AID deamination leads to U:G mismatches recognized by MMR or UNG pathways. After MMR or UNG recognition, in theory, both error-free and error-prone repair can be recruited to the lesions. It has been suggested that error-prone repair might be preferentially recruited to Ig loci whereas error-free repair functions predominantly in non–Ig loci (41, 42). However, based on our data, we propose that error-free repair is also involved in the processing of AID-initiated lesions at Ig loci. We found that the mutation frequencies of both V and S regions were significantly higher in DKO mice than those in wt mice. Because the mutation frequency in the absence of MSH2 and UNG reflects the frequency of AID deamination, we reason that the reduced mutation frequency in UNG/MSH2-proficient mice is due to the error-free repair, which can correct the U:G mismatches and generate no mutations. These data led us to conclude that AID-initiated lesions at the Igh locus can be processed by error-free repair, similar to the non–Ig loci, and that the mutation level at the Igh locus probably exceeds the capacity of error-free repair, thereby resulting in the recruitment of error-prone repair, which in turn leads to mutations.

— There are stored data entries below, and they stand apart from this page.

(* Let $S=\{(X_m,y_m)\}_{m=1}^T\in\mathcal{S}_T$ be fitted in the cyclic ordering, let $n\ge1$, $k=nT$, and define the end-of-cycle average iterate $\bar w_n=\frac1n\sum_{n'=1}^n w_{Tn'}$. Then $$\frac1T\sum_{m=1}^T\|X_m\bar w_n-y_m\|^2\le\frac{T-1}{2n}\le\frac{T^2}{2k}.$$
   Context: Let $d\ge 1$, $T\ge1$. A task is a pair $(X_m,y_m)$ with $X_m\in\mathbb{R}^{n_m\times d}$, $y_m\in\mathbb{R}^{n_m}$ and $\operatorname{rank}(X_m)<d$. $\mathcal{S}_T$ denotes the set of collections $S=\{(X_m,y_m)\}_{m=1}^T$ of $T$ tasks such that $\|X_m\|\le 1$ (spectral norm) for all $m$ and there exists $w\in\mathbb{R}^d$ with $\|w\|\le 1$ and $y_m=X_mw$ for all $m$. Given $S$ and an ordering $\tau:\mathbb{N}^+\to\{1,\dots,T\}$, the iterates are $w_0=0$ and $w_t=w_{t-1}+X_{\tau(t)}^+(y_{\tau(t)}-X_{\tau(t)}w_{t-1})$, with $A^+$ the Moore–Penrose pseudoinverse. The cyclic ordering is $\tau(t)=((t-1)\bmod T)+1$. *)

From mathcomp Require Import all_boot all_order all_algebra.
From mathcomp Require Import reals.
Set Implicit Arguments. Unset Strict Implicit. Unset Printing Implicit Defensive.
Import Order.TTheory GRing.Theory Num.Theory.
Local Open Scope ring_scope.

Definition sqnorm (R : realType) (p : nat) (v : 'cV[R]_p) : R :=
  \sum_(i < p) v i 0 ^+ 2.

(* B is the Moore-Penrose pseudoinverse of A (the four Penrose conditions,
   which characterise it uniquely). *)
Definition is_pinv (R : realType) (p q : nat) (A : 'M[R]_(p, q)) (B : 'M[R]_(q, p)) : Prop :=
  [/\ A *m B *m A = A, B *m A *m B = B, (A *m B)^T = A *m B & (B *m A)^T = B *m A].

Definition specnorm_le1 (R : realType) (p q : nat) (A : 'M[R]_(p, q)) : Prop :=
  forall v : 'cV[R]_q, sqnorm (A *m v) <= sqnorm v.

(* Iterates under the cyclic ordering, tasks indexed 0..T-1:
   w_0 = 0, w_t = w_{t-1} + P_{tau t} (y_{tau t} - X_{tau t} w_{t-1}),
   where tau t = (t-1) mod T (0-based), P_m the pseudoinverse of X_m. *)
Fixpoint cyc_iter (R : realType) (d T : nat) (hT : (0 < T)%N) (nm : 'I_T -> nat)
  (X : forall m : 'I_T, 'M[R]_(nm m, d)) (y : forall m : 'I_T, 'cV[R]_(nm m))
  (P : forall m : 'I_T, 'M[R]_(d, nm m)) (t : nat) : 'cV[R]_d :=
  match t with
  | 0 => 0
  | t'.+1 =>
      let w := cyc_iter hT X y P t' in
      let m := Ordinal (ltn_pmod t' hT) in
      w + P m *m (y m - X m *m w)
  end.

From mathcomp Require Import all_boot all_order all_algebra.
From mathcomp Require Import reals ring zify.

Import Order.TTheory GRing.Theory Num.Theory.
Local Open Scope ring_scope.

(* Write e_t = w_t - w for the error with respect to a realizing vector w.
   Each step subtracts from e_t its orthogonal projection onto the row space
   of the current task, so |e_t|^2 is nonincreasing and e_a - e_b is a sum of
   b - a projections whose squared norms add up to |e_a|^2 - |e_b|^2.  Right
   after task m is fitted its residual vanishes, so at the end of a cycle the
   residual of task m is X_m applied to the displacement over the remaining
   T - m - 1 steps; by Cauchy-Schwarz it is at most (T - m - 1) times the
   decrease of |e|^2 during the cycle.  Summing over tasks and cycles, and
   averaging with Jensen's inequality, bounds the total residual of the
   average iterate by T(T-1)/(2n) |e_0|^2 <= T(T-1)/(2n). *)

Section Euclidean.
Variable R : realType.

Lemma sqr_sum_le (k : nat) (a : 'I_k -> R) :
  (\sum_(i < k) a i) ^+ 2 <= k%:R * \sum_(i < k) a i ^+ 2.
Proof.
have expand : \sum_(i < k) \sum_(j < k) (a i - a j) ^+ 2
    = 2 * (k%:R * \sum_(i < k) a i ^+ 2 - (\sum_(i < k) a i) ^+ 2).
  rewrite expr2 mulr_suml.
  under eq_bigr => i _ do under eq_bigr => j _ do rewrite sqrrB.
  under [X in _ - X]eq_bigr => i _ do rewrite mulr_sumr.
  under eq_bigr => i _ do rewrite big_split sumrB sumr_const card_ord sumrMnl /=.
  by rewrite big_split sumrB sumr_const card_ord !sumrMnl /=; ring.
have : 0 <= \sum_(i < k) \sum_(j < k) (a i - a j) ^+ 2.
  by apply: sumr_ge0 => i _; apply: sumr_ge0 => j _; apply: sqr_ge0.
by rewrite expand pmulr_rge0 // subr_ge0.
Qed.

Variable p : nat.
Implicit Types u v : 'cV[R]_p.

Lemma sqnorm_ge0 v : 0 <= sqnorm v.
Proof. by apply: sumr_ge0 => i _; apply: sqr_ge0. Qed.

Lemma sqnormZ (c : R) v : sqnorm (c *: v) = c ^+ 2 * sqnorm v.
Proof. by rewrite /sqnorm mulr_sumr; apply: eq_bigr => i _; rewrite mxE exprMn. Qed.

Lemma sqnormN v : sqnorm (- v) = sqnorm v.
Proof. by apply: eq_bigr => i _; rewrite mxE sqrrN. Qed.

Lemma sqnormD u v : sqnorm (u + v) = sqnorm u + sqnorm v + 2 * (u^T *m v) 0 0.
Proof.
rewrite /sqnorm mxE mulr_sumr -!big_split /=; apply: eq_bigr => i _.
by rewrite !mxE sqrrD; ring.
Qed.

Lemma sqnorm_sum_le {k : nat} (v : 'I_k -> 'cV[R]_p) :
  sqnorm (\sum_(i < k) v i) <= k%:R * \sum_(i < k) sqnorm (v i).
Proof.
rewrite /sqnorm exchange_big mulr_sumr /=; apply: ler_sum => r _.
by rewrite summxE; apply: sqr_sum_le.
Qed.

Lemma sqnorm_avg_le (k : nat) (v : 'I_k -> 'cV[R]_p) : (0 < k)%N ->
  sqnorm (k%:R^-1 *: \sum_(i < k) v i) <= k%:R^-1 * \sum_(i < k) sqnorm (v i).
Proof.
move=> k_gt0; have k0 : k%:R != 0 :> R by rewrite pnatr_eq0 -lt0n.
rewrite sqnormZ; apply: le_trans (ler_wpM2l (sqr_ge0 _) (sqnorm_sum_le v)) _.
by rewrite expr2 -mulrA mulKf.
Qed.

Definition orthoproj (Q : 'M[R]_p) : Prop := Q *m Q = Q /\ Q^T = Q.

Lemma sqnorm_orthoproj (Q : 'M[R]_p) v :
  orthoproj Q -> sqnorm v = sqnorm (v - Q *m v) + sqnorm (Q *m v).
Proof.
case=> QQ Qsym; rewrite -{1}(subrK (Q *m v) v) (sqnormD (v - Q *m v)).
suff -> : ((v - Q *m v)^T *m (Q *m v)) 0 0 = 0 by rewrite mulr0 addr0.
by rewrite mulmxA -{2}Qsym -trmx_mul mulmxBr mulmxA QQ subrr trmx0 mul0mx mxE.
Qed.

Lemma pinv_orthoproj (q : nat) (A : 'M[R]_(q, p)) (B : 'M[R]_(p, q)) :
  is_pinv A B -> orthoproj (B *m A).
Proof. by case=> _ BAB _ BAsym; split; rewrite // mulmxA BAB. Qed.

End Euclidean.

Arguments orthoproj {R p}.

Section ProjectionSequence.
Context {R : realType} {p : nat} {Q : nat -> 'M[R]_p} {e : nat -> 'cV[R]_p}.
Hypothesis Q_orthoproj : forall t, orthoproj (Q t).
Hypothesis eS : forall t, e t.+1 = e t - Q t *m e t.

Lemma sqnorm_projS t : sqnorm (e t) = sqnorm (e t.+1) + sqnorm (Q t *m e t).
Proof. by rewrite eS; apply: sqnorm_orthoproj. Qed.

Lemma proj_telescope a j : e a - e (a + j)%N = \sum_(i < j) Q (a + i)%N *m e (a + i)%N.
Proof.
elim: j => [|j IH]; first by rewrite addn0 subrr big_ord0.
by rewrite big_ord_recr /= -IH addnS eS opprB addrA addrAC.
Qed.

Lemma sqnorm_proj_telescope a j :
  sqnorm (e a) - sqnorm (e (a + j)%N) = \sum_(i < j) sqnorm (Q (a + i)%N *m e (a + i)%N).
Proof.
elim: j => [|j IH]; first by rewrite addn0 subrr big_ord0.
by rewrite big_ord_recr /= -IH addnS (sqnorm_projS (a + j)); ring.
Qed.

Lemma sqnorm_proj_nonincr a b : (a <= b)%N -> sqnorm (e b) <= sqnorm (e a).
Proof.
move=> /subnKC <-; rewrite -subr_ge0 sqnorm_proj_telescope.
by apply: sumr_ge0 => i _; apply: sqnorm_ge0.
Qed.

Lemma sqnorm_proj_displacement a j :
  sqnorm (e a - e (a + j)%N) <= j%:R * (sqnorm (e a) - sqnorm (e (a + j)%N)).
Proof. by rewrite proj_telescope sqnorm_proj_telescope; apply: sqnorm_sum_le. Qed.

End ProjectionSequence.

Lemma triangular_sumr (R : realType) (T : nat) :
  \sum_(m < T) ((T - m.+1)%N%:R : R) = T%:R * (T%:R - 1) / 2.
Proof.
elim: T => [|T IH]; first by rewrite big_ord0 !mul0r.
rewrite big_ord_recl subn1 /=.
under eq_bigr do rewrite /bump /= add1n subSS.
by rewrite IH -natr1; field.
Qed.

Section CyclicOrdering.
Context {R : realType} {d T : nat} {T_gt0 : (0 < T)%N} {nm : 'I_T -> nat}.
Context {X : forall m : 'I_T, 'M[R]_(nm m, d)} {y : forall m : 'I_T, 'cV[R]_(nm m)}.
Context {P : forall m : 'I_T, 'M[R]_(d, nm m)} {ws : 'cV[R]_d}.
Hypothesis P_pinv : forall m, is_pinv (X m) (P m).
Hypothesis X_contract : forall m, specnorm_le1 (X m).
Hypothesis y_realizable : forall m, y m = X m *m ws.

Definition task (t : nat) : 'I_T := Ordinal (ltn_pmod t T_gt0).

Definition err (t : nat) : 'cV[R]_d := cyc_iter T_gt0 X y P t - ws.

Definition task_proj (t : nat) : 'M[R]_d := P (task t) *m X (task t).

Lemma task_proj_orthoproj t : orthoproj (task_proj t).
Proof. exact: pinv_orthoproj. Qed.

Lemma errS t : err t.+1 = err t - task_proj t *m err t.
Proof.
by rewrite /err /= y_realizable -mulmxA !mulmxBr opprB addrAC.
Qed.

Lemma task_fitted t : X (task t) *m err t.+1 = 0.
Proof.
case: (P_pinv (task t)) => XPX _ _ _.
by rewrite errS mulmxBr !mulmxA XPX subrr.
Qed.

Lemma task_cycle i (m : 'I_T) : task (T * i + m) = m.
Proof. by apply: val_inj; rewrite /= mulnC modnMDl modn_small. Qed.

Lemma sqnorm_err_nonincr a b : (a <= b)%N -> sqnorm (err b) <= sqnorm (err a).
Proof. exact: sqnorm_proj_nonincr task_proj_orthoproj errS a b. Qed.

(* Task m is fitted at step T i + m + 1, so X_m only sees the displacement
   over the T - m - 1 remaining steps of the cycle. *)
Lemma cycle_residual_le i :
  \sum_(m < T) sqnorm (X m *m err (T * i.+1)) <=
  T%:R * (T%:R - 1) / 2 * (sqnorm (err (T * i)) - sqnorm (err (T * i.+1))).
Proof.
rewrite -triangular_sumr mulr_suml; apply: ler_sum => m _.
set s := (T * i)%N.
have cycle_end : ((s + m).+1 + (T - m.+1))%N = (T * i.+1)%N.
  by have := ltn_ord m; rewrite /s mulnS; lia.
have fitted : X m *m err (s + m).+1 = 0 by have := task_fitted (s + m); rewrite task_cycle.
have -> : X m *m err (T * i.+1) = - (X m *m (err (s + m).+1 - err (T * i.+1))).
  by rewrite (mulmxBr (X m) (err (s + m).+1)) fitted sub0r opprK.
rewrite sqnormN; apply: le_trans (X_contract m _) _.
rewrite -{1 2}cycle_end.
apply: le_trans (sqnorm_proj_displacement task_proj_orthoproj errS _ _) _.
rewrite cycle_end; apply: ler_wpM2l => //; rewrite lerD2r.
by apply: sqnorm_err_nonincr; rewrite -addnS leq_addr.
Qed.

Lemma sum_cycle_residual_le n :
  \sum_(i < n) \sum_(m < T) sqnorm (X m *m err (T * i.+1)) <=
  T%:R * (T%:R - 1) / 2 * sqnorm (err 0).
Proof.
have c_ge0 : 0 <= T%:R * (T%:R - 1) / 2 :> R.
  by rewrite -triangular_sumr; apply: sumr_ge0 => m _; apply: ler0n.
apply: (le_trans (ler_sum _ (fun (i : 'I_n) _ => cycle_residual_le i))).
rewrite -mulr_sumr ler_wpM2l //.
rewrite -(big_mkord xpredT (fun i => sqnorm (err (T * i)) - sqnorm (err (T * i.+1)))).
rewrite (telescope_sumr_eq (fun i => - sqnorm (err (T * i)))) //; last first.
  by move=> i _; rewrite opprK addrC.
by rewrite muln0 opprK gerDr oppr_le0 sqnorm_ge0.
Qed.

Definition avg_iterate (n : nat) : 'cV[R]_d :=
  n%:R^-1 *: \sum_(1 <= n' < n.+1) cyc_iter T_gt0 X y P (T * n').

Lemma avg_iterate_residual_le n : (0 < n)%N ->
  \sum_(m < T) sqnorm (X m *m avg_iterate n - y m) <=
  n%:R^-1 * (T%:R * (T%:R - 1) / 2 * sqnorm (err 0)).
Proof.
move=> n_gt0; have n0 : n%:R != 0 :> R by rewrite pnatr_eq0 -lt0n.
have avg_err : avg_iterate n - ws = n%:R^-1 *: \sum_(i < n) err (T * i.+1).
  rewrite /avg_iterate big_add1 /= big_mkord /err sumrB sumr_const card_ord scalerBr.
  by rewrite -scaler_nat scalerA mulVf ?scale1r.
apply: (le_trans (y := \sum_(m < T) n%:R^-1 * \sum_(i < n) sqnorm (X m *m err (T * i.+1)))).
  apply: ler_sum => m _; rewrite y_realizable -mulmxBr avg_err -scalemxAr mulmx_sumr.
  exact: sqnorm_avg_le.
rewrite -mulr_sumr exchange_big ler_wpM2l ?invr_ge0 //.
exact: sum_cycle_residual_le.
Qed.

End CyclicOrdering.

Theorem mainTheorem17 (R : realType) (d T : nat) (hd : (1 <= d)%N) (hT : (0 < T)%N)
  (nm : 'I_T -> nat)
  (X : forall m : 'I_T, 'M[R]_(nm m, d)) (y : forall m : 'I_T, 'cV[R]_(nm m))
  (P : forall m : 'I_T, 'M[R]_(d, nm m))
  (hP : forall m, is_pinv (X m) (P m))
  (hrank : forall m, (\rank (X m) < d)%N)
  (hnorm : forall m, specnorm_le1 (X m))
  (hreal : exists w : 'cV[R]_d, sqnorm w <= 1 /\ forall m, y m = X m *m w)
  (n : nat) (hn : (1 <= n)%N) :
  let k := (n * T)%N in
  let wbar := (n%:R : R)^-1 *: \sum_(1 <= n' < n.+1) cyc_iter hT X y P (T * n') in
  (T%:R : R)^-1 * (\sum_(m < T) sqnorm (X m *m wbar - y m)) <= ((T%:R : R) - 1) / (2 * n%:R)
  /\ ((T%:R : R) - 1) / (2 * n%:R) <= ((T%:R : R) ^+ 2) / (2 * k%:R).
Proof.
move=> k wbar; case: hreal => ws [ws_le1 y_ws].
have n0 : n%:R != 0 :> R by rewrite pnatr_eq0 -lt0n.
have T0 : T%:R != 0 :> R by rewrite pnatr_eq0 -lt0n.
have T_ge1 : 1 <= T%:R :> R by rewrite ler1n.
have err0_le1 : sqnorm (@err _ _ _ hT _ X y P ws 0) <= 1 by rewrite /err sub0r sqnormN.
split.
  apply: le_trans (ler_wpM2l _ (avg_iterate_residual_le (T_gt0 := hT) hP hnorm y_ws n hn)) _.
    by rewrite invr_ge0.
  set e := sqnorm _.
  have -> : T%:R^-1 * (n%:R^-1 * (T%:R * (T%:R - 1) / 2 * e)) = (T%:R - 1) / (2 * n%:R) * e.
    by field; rewrite n0 T0.
  apply: ler_piMr err0_le1.
  by apply: divr_ge0; rewrite ?subr_ge0 // mulr_ge0.
have -> : T%:R ^+ 2 / (2 * k%:R) = T%:R / (2 * n%:R) :> R.
  by rewrite /k natrM; field; rewrite n0 T0.
by apply: ler_wpM2r; rewrite ?gerBl // invr_ge0 mulr_ge0.
Qed.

We found that the cSμ sequence harbors more C:G base pair mutations, which is consistent with previous findings of the endogenous Sμ region (38). Thus, the unique mutational outcome of an S region appears to be associated with its sequence rather than locus position. The biased C:G base pair mutations might be due to increased Rev1 functionality at the cSμ region. REV1 is a deoxycytidyl transferase that catalyzes the incorporation of deoxycytidines opposite deoxyguanines and abasic sites. In Rev1−/− mice, there is a dramatic reduction of C→G or G→C mutations (43). It would be of interest to further investigate how different error-prone polymerases influence the mutation spectrum. A strong bias of mutations at C:G base pairs suggests a preferential recognition of the UNG pathway (17). Previous studies showed that sequence context influences UNG-initiated error-prone versus error-free repair of AID-induced lesions (44). Thus, we propose that the initial U:G lesion in S regions is located in a sequence context facilitating its recognition by UNG, which in turn leads to more DSBs. Furthermore, we hypothesize that the processing manner of the U:G mismatches can be influenced by their sequence context (1): U:G mismatches can be recognized by UNG. The architecture of the UNG active site suggests that the enzyme must bind U that is extrahelical, or “flipped out,” from the DNA base stack. If actual flipping out of the U base is rate limiting, as suggested by data from the human, Escherichia coli, and HSV-1 enzymes (4547), then the DNA sequence surrounding the U may influence the cleavage rate of UNG. Namely, the sequence context of U:G mismatches could affect the U base accessibility to the active site of the UNG enzyme, thereby determining UNG’s overall activity (2). U:G mismatches are recognized by MSH2/MSH6, which form a heterodimer and slide along the duplex of DNA to identify mismatches. If a sequence is prone to form higher order structures such as S regions, it is conceivable that U:G mismatches might be less accessible to this repair pathway. Consistent with these notions, our data show that S region–specific indels require UNG, whereas MSH2 deficiency enhances the frequency of such events. These data suggest that MSH2/MSH6 normally suppress the formation of these indels, probably by competing with UNG to access U:G mismatches.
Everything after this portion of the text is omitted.